> **Available data**:
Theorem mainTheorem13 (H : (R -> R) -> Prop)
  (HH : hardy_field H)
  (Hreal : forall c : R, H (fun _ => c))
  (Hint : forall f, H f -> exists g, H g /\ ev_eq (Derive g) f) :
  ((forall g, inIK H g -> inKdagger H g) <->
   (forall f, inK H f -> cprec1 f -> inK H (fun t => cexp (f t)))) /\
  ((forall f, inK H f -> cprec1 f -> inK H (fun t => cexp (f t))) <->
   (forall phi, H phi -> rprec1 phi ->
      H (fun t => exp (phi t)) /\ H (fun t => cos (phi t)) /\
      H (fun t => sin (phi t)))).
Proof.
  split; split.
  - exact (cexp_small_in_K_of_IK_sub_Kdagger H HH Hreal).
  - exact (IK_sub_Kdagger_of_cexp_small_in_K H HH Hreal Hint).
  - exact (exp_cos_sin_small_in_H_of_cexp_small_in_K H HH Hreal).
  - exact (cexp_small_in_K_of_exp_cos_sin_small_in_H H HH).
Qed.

> **What you have to do**:
Looking at the entries above, report how many of their lines include "exact", and add nothing else.

> **Answer box**:
4